Computing a hash in this situation is actually counter-productive because you'd have to read each file completely into memory (instead of being able to stop at the first difference) and perform a CPU-intensive task on it.

If there are several sets of duplicates, on the other hand, computing a hash of each file is better.

If you're also looking for visual near-duplicates, findimagedupes can help you.

Gilles
He can compute a hash and also save the image's size and skip the images with different sizes. It would be smart to test what takes more time. Computing hash or comparing two images byte by byte.
Jaka
It may seem like a waste of effort to compute all those hashes, but comparing N files to each other is O(N*N). With sufficient number of files, the O(N) algorithm calculating hashes and comparing in a `set()` or `dict()` will be more efficient. Note that you don't need to hash the whole file - the first kb or so is likely to be just as useful as a first check
gnibbler
A: 

As a sidenote, for images, I find raster data hashes to be far more effective than file hashes.
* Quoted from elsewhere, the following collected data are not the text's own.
Theorem lemma4p21 (L : Type) (X : L -> Type)
  (op : forall l, (X l -> Prop) -> Prop) (x0 : forall l, X l)
  (Htop : forall l, is_topology (op l))
  (Hwep : forall l, wep_connected (op l))
  (Hlpc : forall l, lpc_at (op l) (x0 l))
  (Hcl : forall l, op l (fun x => x <> x0 l)) :
  wep_connected (wedge_open op x0).
Proof.
  intros y z.
  destruct (wedge_pt_surj x0 y) as [l [x ->]], (wedge_pt_surj x0 z) as [m [x' ->]].
  destruct (wedge_path_to_base op x0 Htop Hwep Hlpc Hcl false l x) as [A [HA [HA0 HA1]]].
  destruct (wedge_path_to_base op x0 Htop Hwep Hlpc Hcl true m x') as [B [HB [HB1 HB0]]].
  simpl in *.
  assert (H : pth A I1 = pth B I0) by (rewrite HA1, HB0; apply wedge_pt_base).
  exists (path_concat _ A B H).
  rewrite path_concat_I0, path_concat_I1.
  auto using path_concat_well_ended.
Qed.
ImageMagick provides reliable way to compute such hashes, and there are different bindings for python available. It helps to detect same images with different lossless compressions and different metadata.

Daniel Kluev
+1  A: 

I wrote a script for this a while back. First it scans all files, noting their sizes in a dictionary. You endup with:

images[some_size] = ['x/a.jpg', 'b/f.jpg', 'n/q.jpg']
images[some_other_size] = ['q/b.jpg']

Then, for each key (image size) where there's more than 1 element in the dictionary, I'd read some fixed amount of the file and do a hash. Something like:

possible_dupes = [size for size in images if len(images[size]) > 1]
for size in possible_dupes:
    hashes = defaultdict(list)
    for fname in images[size]:
        m = md5.new()
        hashes[ m.update( file(fname,'rb').read(10000) ).digest() ] = fname
    for k in hashes:
       if len(hashes[k]) <= 1: continue
       for fname in hashes[k][1:]:
           os.remove(fname)

This is all off the top of my head, haven't tested the code, but you get the idea.

Parand
All Microsoft Bitmap files without RLE compression which have the same pixel dimensions will be the same size. As will XPMs with the same-length internal name, as will PNGs with no compression, as will Netpbm images... The list goes on and on. But I agree; checking the size will help to avoid meaningless collisions
amphetamachine